N_CLASSES = len(le.classes_)                # servirà a XGBoost / LightGBM

In [7]:
X_train.shape, X_test.shape, y_train.shape, y_test.shape

((2164, 187), (1155, 187), (2164,), (1155,))

In [13]:
# ───────────────────────── constants ────────────────────────────
macro_f1  = make_scorer(f1_score, average='macro', zero_division=0)
cv10      = StratifiedKFold(n_splits=10, shuffle=True, random_state=42)
window    = 2          # ± feature rispetto al best corrente
n_trials  = 10         # Optuna trials quando si attiva il tuning

best_fixed = dict(     # Optuna-best params da RQ1
    learning_rate    = 0.06695,
    n_estimators     = 250,
    num_leaves       = 111,
    feature_fraction = 0.9410,
    bagging_fraction = 0.5653,
    bagging_freq     = 0,
    reg_alpha        = 0.8223,
    reg_lambda       = 1.4004,
    objective        = 'multiclass',
    num_class        = len(le.classes_),
    verbose          = -1,            # silenzia LightGBM
    n_jobs           = 4,
    random_state     = 42
)

# ───────────────────────── loop RFE + tuning ─────────────────────
records          = []
best_seen_f1     = 0.0
best_n_feat      = len(X_train.columns)   # centro iniziale della finestra
df_train, df_test = X_train.copy(), X_test.copy()

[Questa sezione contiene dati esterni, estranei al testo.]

(* Consider $N$ disturbance-free systems $\dot x_i=f(x_i,u_i)$, $y_i=h(x_i)$ that are iOFP with constant $\sigma$ (i.e., the iOFP inequality holds with $d_i=d_i'=0$), over a connected undirected graph with Laplacian $L$ and incidence matrix $B$ with $E$ edges. Attach to each edge $g$ a system $\dot\eta_g=\psi_g(\eta_g,\varrho_g)$, $v_g=\varphi_g(\eta_g,\varrho_g)$ with input $\varrho_g=\sum_j b_{jg}y_j$, where $\psi_g$ is locally Lipschitz, $\varphi_g$ continuous, and there is a positive definite $\Psi_g$ with $\dot\Psi_g(\eta_g)\le-\varrho_g^\top\varrho_g+v_g^\top\varrho_g$ along solutions. Let $u_i=-\sum_{g=1}^E b_{ig}v_g$. If $\lambda_2>\sigma$, where $\lambda_2$ is the smallest nonzero eigenvalue of $L$, and the closed-loop solution $(x,\eta)$ is bounded, then $\lim_{t\to\infty}\|y_i(t)-\bar y(t)\|=0$ for all $i$, with $\bar y=\frac1N\sum_j y_j$.
   Context: $x_i\in\mathbb R^n$, $u_i,y_i\in\mathbb R^q$, $f$ locally Lipschitz, $h$ continuously differentiable. iOFP with constant $\sigma\in\mathbb R$ (disturbance-free): there exist continuously differentiable $\Phi:\mathbb R^n\times\mathbb R^n\to\mathbb R_{\ge0}$ and class-$\mathcal K_\infty$ $\underline\alpha,\overline\alpha$ with $\underline\alpha(\|x_i-x_i'\|)\le\Phi(x_i,x_i')\le\overline\alpha(\|x_i-x_i'\|)$ and $\frac{\partial\Phi}{\partial x_i}f(x_i,u_i)+\frac{\partial\Phi}{\partial x_i'}f(x_i',u_i')\le\sigma\|y_i-y_i'\|^2+(y_i-y_i')^\top(u_i-u_i')$ for all arguments. Graph: symmetric nonnegative adjacency $A=[a_{ij}]$, connected; $L=\Delta-A$ with $\Delta=\mathrm{diag}(\sum_j a_{ij})$. Incidence matrix $B\in\mathbb R^{N\times E}$: for the $g$-th edge $(i,j)$, $b_{ig}=-\sqrt{a_{ij}}$, $b_{jg}=\sqrt{a_{ij}}$, other entries zero; $L=BB^\top$. *)

From Stdlib Require Import Reals Lra.
From Stdlib Require Vectors.Fin.
Open Scope R_scope.

Definition vec (n : nat) := Fin.t n -> R.

Fixpoint fsum (n : nat) : (Fin.t n -> R) -> R :=
  match n with
  | O => fun _ => 0
  | S m => fun f => f Fin.F1 + fsum m (fun i => f (Fin.FS i))
  end.

Definition vzero (n : nat) : vec n := fun _ => 0.
Definition vadd {n} (v w : vec n) : vec n := fun k => v k + w k.
Definition vsub {n} (v w : vec n) : vec n := fun k => v k - w k.
Definition vscale {n} (c : R) (v : vec n) : vec n := fun k => c * v k.
Definition vopp {n} (v : vec n) : vec n := fun k => - v k.
Definition vsum {n} (m : nat) (F : Fin.t m -> vec n) : vec n :=
  fun k => fsum m (fun j => F j k).
Definition dot {n} (v w : vec n) : R := fsum n (fun k => v k * w k).
Definition norm {n} (v : vec n) : R := sqrt (dot v v).

Definition mat (q n : nat) := Fin.t q -> Fin.t n -> R.
Definition mvmul {q n} (M : mat q n) (v : vec n) : vec q :=
  fun i => fsum n (fun k => M i k * v k).

Definition loc_lipschitz2 {n m p} (F : vec n -> vec m -> vec p) : Prop :=
  forall x u, exists r K, 0 < r /\
    forall z w z' w',
      norm (vsub z x) + norm (vsub w u) < r ->
      norm (vsub z' x) + norm (vsub w' u) < r ->
      norm (vsub (F z w) (F z' w')) <= K * (norm (vsub z z') + norm (vsub w w')).

Definition continuous2 {n m p} (F : vec n -> vec m -> vec p) : Prop :=
  forall x u eps, 0 < eps -> exists del, 0 < del /\
    forall z w, norm (vsub z x) + norm (vsub w u) < del ->
      norm (vsub (F z w) (F x u)) < eps.

Definition C1_map {n q} (h : vec n -> vec q) : Prop :=
  exists Dh : vec n -> mat q n,
    (forall x eps, 0 < eps -> exists del, 0 < del /\
       forall v, norm v < del ->
         norm (vsub (vsub (h (vadd x v)) (h x)) (mvmul (Dh x) v)) <= eps * norm v) /\
    (forall x eps, 0 < eps -> exists del, 0 < del /\
       forall z, norm (vsub z x) < del ->
         forall i k, Rabs (Dh z i k - Dh x i k) < eps).

Definition C1_grad2 {n} (Phi : vec n -> vec n -> R) (G1 G2 : vec n -> vec n -> vec n)
  : Prop :=
  (forall x x' eps, 0 < eps -> exists del, 0 < del /\
     forall a b, norm a + norm b < del ->
       Rabs (Phi (vadd x a) (vadd x' b) - Phi x x' - dot (G1 x x') a - dot (G2 x x') b)
         <= eps * (norm a + norm b)) /\
  (forall x x' eps, 0 < eps -> exists del, 0 < del /\
     forall z z', norm (vsub z x) + norm (vsub z' x') < del ->
       norm (vsub (G1 z z') (G1 x x')) < eps /\ norm (vsub (G2 z z') (G2 x x')) < eps).

Definition class_Kinf (al : R -> R) : Prop :=
  al 0 = 0 /\
  (forall r, 0 <= r -> forall eps, 0 < eps -> exists del, 0 < del /\
     forall s, 0 <= s -> Rabs (s - r) < del -> Rabs (al s - al r) < eps) /\
  (forall r s, 0 <= r -> r < s -> al r < al s) /\
  (forall M, exists r, 0 <= r /\ M <= al r).

Definition iOFP {n q} (f : vec n -> vec q -> vec n) (h : vec n -> vec q)
  (sigma : R) : Prop :=
  exists (Phi : vec n -> vec n -> R) (G1 G2 : vec n -> vec n -> vec n)
         (alo ahi : R -> R),
    C1_grad2 Phi G1 G2 /\
    (forall x x', 0 <= Phi x x') /\
    class_Kinf alo /\ class_Kinf ahi /\
    (forall x x', alo (norm (vsub x x')) <= Phi x x' <= ahi (norm (vsub x x'))) /\
    (forall x x' u u',
       dot (G1 x x') (f x u) + dot (G2 x x') (f x' u')
       <= sigma * (norm (vsub (h x) (h x')) ^ 2)
          + dot (vsub (h x) (h x')) (vsub u u')).

Definition fin_lt {N} (i j : Fin.t N) : Prop :=
  (proj1_sig (Fin.to_nat i) < proj1_sig (Fin.to_nat j))%nat.

Definition sym_nonneg_adj {N} (a : Fin.t N -> Fin.t N -> R) : Prop :=
  (forall i j, 0 <= a i j) /\ (forall i j, a i j = a j i).

Inductive reach {N} (a : Fin.t N -> Fin.t N -> R) : Fin.t N -> Fin.t N -> Prop :=
| reach_refl : forall i, reach a i i
| reach_step : forall i k j, 0 < a i k -> reach a k j -> reach a i j.

Definition connected {N} (a : Fin.t N -> Fin.t N -> R) : Prop :=
  forall i j, reach a i j.

Definition laplacian {N} (a : Fin.t N -> Fin.t N -> R) : mat N N :=
  fun i j => (if Fin.eq_dec i j then fsum N (fun k => a i k) else 0) - a i j.

Definition edge_enum {N E} (a : Fin.t N -> Fin.t N -> R)
  (edge : Fin.t E -> Fin.t N * Fin.t N) : Prop :=
  (forall g, fin_lt (fst (edge g)) (snd (edge g)) /\ 0 < a (fst (edge g)) (snd (edge g))) /\
  (forall g g', edge g = edge g' -> g = g') /\
  (forall i j, fin_lt i j -> 0 < a i j -> exists g, edge g = (i, j)).

Definition incidence {N E} (a : Fin.t N -> Fin.t N -> R)
  (edge : Fin.t E -> Fin.t N * Fin.t N) : mat N E :=
  fun k g =>
    let (i, j) := edge g in
    if Fin.eq_dec k i then - sqrt (a i j)
    else if Fin.eq_dec k j then sqrt (a i j) else 0.

Definition is_eigenvalue {N} (M : mat N N) (lam : R) : Prop :=
  exists v : vec N, (exists k, v k <> 0) /\ mvmul M v = vscale lam v.

Definition smallest_nonzero_eigenvalue {N} (M : mat N N) (lam2 : R) : Prop :=
  is_eigenvalue M lam2 /\ lam2 <> 0 /\
  forall mu, is_eigenvalue M mu -> mu <> 0 -> lam2 <= mu.

Definition pos_def {p} (Psi : vec p -> R) : Prop :=
  Psi (vzero p) = 0 /\ forall eta, (exists k, eta k <> 0) -> 0 < Psi eta.

Definition vderiv {n} (z : R -> vec n) (t : R) (d : vec n) : Prop :=
  forall k, derivable_pt_lim (fun s => z s k) t (d k).

Definition vcont_at {n} (z : R -> vec n) (t : R) : Prop :=
  forall k, continuity_pt (fun s => z s k) t.

Definition edge_dissipative {p q} (psi : vec p -> vec q -> vec p)
  (phi : vec p -> vec q -> vec q) (Psi : vec p -> R) : Prop :=
  forall (t1 t2 : R) (eta : R -> vec p) (rho : R -> vec q),
    (forall t, t1 < t < t2 -> vcont_at rho t) ->
    (forall t, t1 < t < t2 -> vderiv eta t (psi (eta t) (rho t))) ->
    forall t, t1 < t < t2 ->
      exists D, derivable_pt_lim (fun s => Psi (eta s)) t D /\
        D <= - dot (rho t) (rho t) + dot (phi (eta t) (rho t)) (rho t).

(** The Lyapunov function
    [V = sum_(i,j) Phi(x_i, x_j) + 2 N sum_g Psi_g(eta_g)]
    satisfies [V' <= -2 N (lam2 - sigma) sum_i |y_i - ybar|^2].  The iOFP
    inequality summed over all pairs [(i,j)] produces
    [2 N (sigma S - y^T (B (x) I) v)] with [S = sum_i |y_i - ybar|^2], the
    dissipation of the edge systems cancels the cross term and contributes
    [-2 N |(B^T (x) I) y|^2], and [|B^T z|^2 = z^T L z >= lam2 |z|^2] for
    [z] orthogonal to the constant vectors.  Boundedness of the trajectory
    makes every [|y_i - ybar|^2] Lipschitz in time, and a nonnegative
    function whose integral is finite and which is Lipschitz tends to [0]
    (Barbalat). *)
From Stdlib Require Import Reals.
From Stdlib Require Vectors.Fin.
From Stdlib Require Import Lra Lia FunctionalExtensionality ClassicalEpsilon Classical.
Open Scope R_scope.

for n_feat in range(best_n_feat, 10, -1):

    # 1) RFE
    rfe = RFE(
        lgb.LGBMClassifier(objective='multiclass',
                           num_class=len(le.classes_),
                           n_estimators=100,
                           learning_rate=0.1,
                           n_jobs=4,
                           random_state=42,
                           verbose=-1),
        n_features_to_select=n_feat,
        step=1
    ).fit(df_train, y_train_enc)

    X_tr = pd.DataFrame(rfe.transform(df_train),
                        columns=rfe.get_feature_names_out())
    X_te = pd.DataFrame(rfe.transform(df_test),
                        columns=rfe.get_feature_names_out())

    # 2) modello fisso
    clf_fixed = lgb.LGBMClassifier(**best_fixed).fit(X_tr, y_train_enc)
    f1_fixed  = f1_score(y_test_enc, clf_fixed.predict(X_te),
                         average='macro', zero_division=0)

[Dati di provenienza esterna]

(* Let $\mathcal A\subseteq 2^\omega$ be a class of Turing degrees, i.e. $X\in\mathcal A$ and $Y\equiv_T X$ imply $Y\in\mathcal A$. Let $D_T(\mathcal A)=\{Y\in 2^\omega:\exists X\in\mathcal A\,(Y\le_T X)\}$ and $U_T(\mathcal A)=\{Y\in 2^\omega:\exists X\in\mathcal A\,(X\le_T Y)\}$. Then $\dim_H(\mathcal A)=\dim_H(D_T(\mathcal A))$ and $\dim_H(\mathcal A)\le \dim_H(U_T(\mathcal A))$. The same two statements hold when Turing reducibility $\le_T$ and Turing equivalence $\equiv_T$ are replaced everywhere by hyperarithmetic reducibility $\le_h$ and hyperarithmetic equivalence $\equiv_h$.
   Context: $\dim_H$ denotes the (classical) Hausdorff dimension of a subset of Cantor space $2^\omega$ with respect to the standard metric (equivalently, by Lutz's characterization, the infimum of rationals $s\in[0,1]$ such that some supermartingale $d$ satisfies $\limsup_n d(X\upharpoonright n)/2^{(1-s)n}=\infty$ for all $X$ in the class). *)

From HB Require Import structures.
From mathcomp Require Import all_boot all_order all_algebra.
From mathcomp Require Import all_classical all_reals.
From mathcomp Require Import exp Rstruct.
Set Implicit Arguments. Unset Strict Implicit. Unset Printing Implicit Defensive.
Import Order.TTheory GRing.Theory Num.Theory.

(* Arguments are passed as a list of naturals; missing arguments read as 0.
   [OrA] queries oracle A, [OrB] queries oracle B, at the first argument. *)
Inductive prf : Type :=
| PZero | PSucc | PProj (i : nat) | POrA | POrB
| PComp (f : prf) (gs : list prf)
| PPrim (b s : prf)
| PMin (f : prf).

Inductive eval (A B : nat -> nat) : prf -> list nat -> nat -> Prop :=
| eZero v : eval A B PZero v 0
| eSucc v : eval A B PSucc v (head 0 v).+1
| eProj i v : eval A B (PProj i) v (nth 0 v i)
| eOrA v : eval A B POrA v (A (head 0 v))
| eOrB v : eval A B POrB v (B (head 0 v))
| eComp f gs v ws y :
    evals A B gs v ws -> eval A B f ws y -> eval A B (PComp f gs) v y
| ePrim0 b s v y : eval A B b v y -> eval A B (PPrim b s) (0 :: v) y
| ePrimS b s n v z y :
    eval A B (PPrim b s) (n :: v) z -> eval A B s (n :: z :: v) y ->
    eval A B (PPrim b s) (n.+1 :: v) y
| eMin f v n :
    eval A B f (n :: v) 0 ->
    (forall m, m < n -> exists k, eval A B f (m :: v) k.+1) ->
    eval A B (PMin f) v n
with evals (A B : nat -> nat) : list prf -> list nat -> list nat -> Prop :=
| esNil v : evals A B [::] v [::]
| esCons g gs v y ys :
    eval A B g v y -> evals A B gs v ys -> evals A B (g :: gs) v (y :: ys).

Definition cantor := nat -> bool.
Definition b2n (X : cantor) : nat -> nat := fun n => nat_of_bool (X n).

Definition turing_le (X Y : cantor) : Prop :=
  exists e : prf, forall n, eval (b2n Y) (fun _ => 0) e [:: n] (b2n X n).
Definition turing_eq (X Y : cantor) : Prop := turing_le X Y /\ turing_le Y X.

(** Pi^1_1(Y) subsets of nat, via the normal form
    n \in S  <->  forall f in omega^omega, Phi_e^{Y (+) f}(n) halts. *)
Definition Pi11 (Y : cantor) (S : nat -> Prop) : Prop :=
  exists e : prf, forall n,
    S n <-> forall f : nat -> nat, exists y, eval (b2n Y) f e [:: n] y.

(** Hyperarithmetic reducibility: X <=_h Y iff X is Delta^1_1(Y)
    (Kleene: equivalently, X is hyperarithmetic in Y). *)
Definition hyp_le (X Y : cantor) : Prop :=
  Pi11 Y (fun n => X n = true) /\ Pi11 Y (fun n => X n = false).
Definition hyp_eq (X Y : cantor) : Prop := hyp_le X Y /\ hyp_le Y X.

Definition closed_under (eqv : cantor -> cantor -> Prop) (A : set cantor) :=
  forall X Y, A X -> eqv Y X -> A Y.
Definition down_closure (le : cantor -> cantor -> Prop) (A : set cantor) : set cantor :=
  fun Y => exists X, A X /\ le Y X.
Definition up_closure (le : cantor -> cantor -> Prop) (A : set cantor) : set cantor :=
  fun Y => exists X, A X /\ le X Y.

(** Hausdorff dimension on Cantor space (metric d(X,Y) = 2^-min{i | X i <> Y i}). *)
Local Open Scope ring_scope.

Definition cyl (s : seq bool) : set cantor :=
  fun X => forall i, (i < size s)%N -> X i = nth false s i.

(* weight of a covering set: diam^s = 2^(-s |sigma|); None = unused slot *)
Definition cweight (s : Rdefinitions.R) (o : option (seq bool)) : Rdefinitions.R :=
  match o with
  | Some sig => (2 : Rdefinitions.R) `^ (- (s * (size sig)%:R))
  | None => 0
  end.

Definition Hnull (s : Rdefinitions.R) (A : set cantor) : Prop :=
  forall (n : nat) (eps : Rdefinitions.R), 0 < eps ->
    exists c : nat -> option (seq bool),
      (forall i sig, c i = Some sig -> (n <= size sig)%N) /\
      (forall X, A X -> exists i sig, c i = Some sig /\ cyl sig X) /\
      (forall N : nat, \sum_(i < N) cweight s (c i) <= eps).

Definition dimH (A : set cantor) : Rdefinitions.R :=
  inf [set s : Rdefinitions.R | 0 <= s /\ Hnull s A].

(* If [Y <=_T X], the join [Z] that copies [X k] to position [k * k] and keeps [Y]
   elsewhere is Turing equivalent to [X]; the same holds for [<=_h], since the
   [Pi^1_1(X)] sets are closed under case distinction on a computable predicate.
   So every member of the downward closure of a degree-closed class [A] agrees
   with a member of [A] off the squares. Changing bits on a set of density zero does
   not raise Hausdorff dimension: a covering cylinder of length [l] splits into
   [2 ^ o(l)] cylinders of the same length, which costs an arbitrarily small increase
   of the exponent. The other inequalities are monotonicity of [dimH]. *)

From Stdlib Require Import PeanoNat Lia.
From mathcomp Require Import all_boot all_order all_algebra.
From mathcomp Require Import all_classical all_reals.
From mathcomp Require Import exp Rstruct.
From mathcomp Require Import zify lra.
Import Order.TTheory GRing.Theory Num.Theory.

Set Implicit Arguments.
Unset Strict Implicit.
Unset Printing Implicit Defensive.

(** * Oracle computations *)

Section PrfNestedInd.
Variable P : prf -> Prop.
Hypotheses (HZero : P PZero) (HSucc : P PSucc) (HProj : forall i, P (PProj i))
  (HOrA : P POrA) (HOrB : P POrB)
  (HComp : forall f gs, P f -> List.Forall P gs -> P (PComp f gs))
  (HPrim : forall b s, P b -> P s -> P (PPrim b s))
  (HMin : forall f, P f -> P (PMin f)).

(* The generated induction principle of [prf] has no hypotheses for the argument
   programs [gs] of [PComp f gs]. *)
Fixpoint prf_nested_ind (e : prf) : P e :=
  match e with
  | PZero => HZero | PSucc => HSucc | PProj i => HProj i
  | POrA => HOrA | POrB => HOrB
  | PComp f gs => HComp (prf_nested_ind f)
      ((fix all_ind (l : list prf) : List.Forall P l :=
          if l is g :: l' then List.Forall_cons g (prf_nested_ind g) (all_ind l')
          else List.Forall_nil P) gs)
  | PPrim b s => HPrim (prf_nested_ind b) (prf_nested_ind s)
  | PMin f => HMin (prf_nested_ind f)
  end.
End PrfNestedInd.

    f1_final, best_params = f1_fixed, best_fixed

    # 3) tuning leggero SOLO se dentro la finestra
    if abs(n_feat - best_n_feat) <= window:

        def objective(trial):
            clf = lgb.LGBMClassifier(
                objective='multiclass', num_class=len(le.classes_),
                learning_rate    = trial.suggest_float('lr', 0.03, 0.15, log=True),
                n_estimators     = trial.suggest_int  ('n_est', 150, 400),
                num_leaves       = trial.suggest_int  ('leaves', 60, 180),
                feature_fraction = trial.suggest_float('ff', 0.80, 1.0),
                bagging_fraction = trial.suggest_float('bf', 0.80, 1.0),
                bagging_freq     = 1,
                verbose          = -1,
                n_jobs=4,
                random_state=42)
            return cross_val_score(clf, X_tr, y_train_enc,
                                   cv=cv10, scoring=macro_f1).mean()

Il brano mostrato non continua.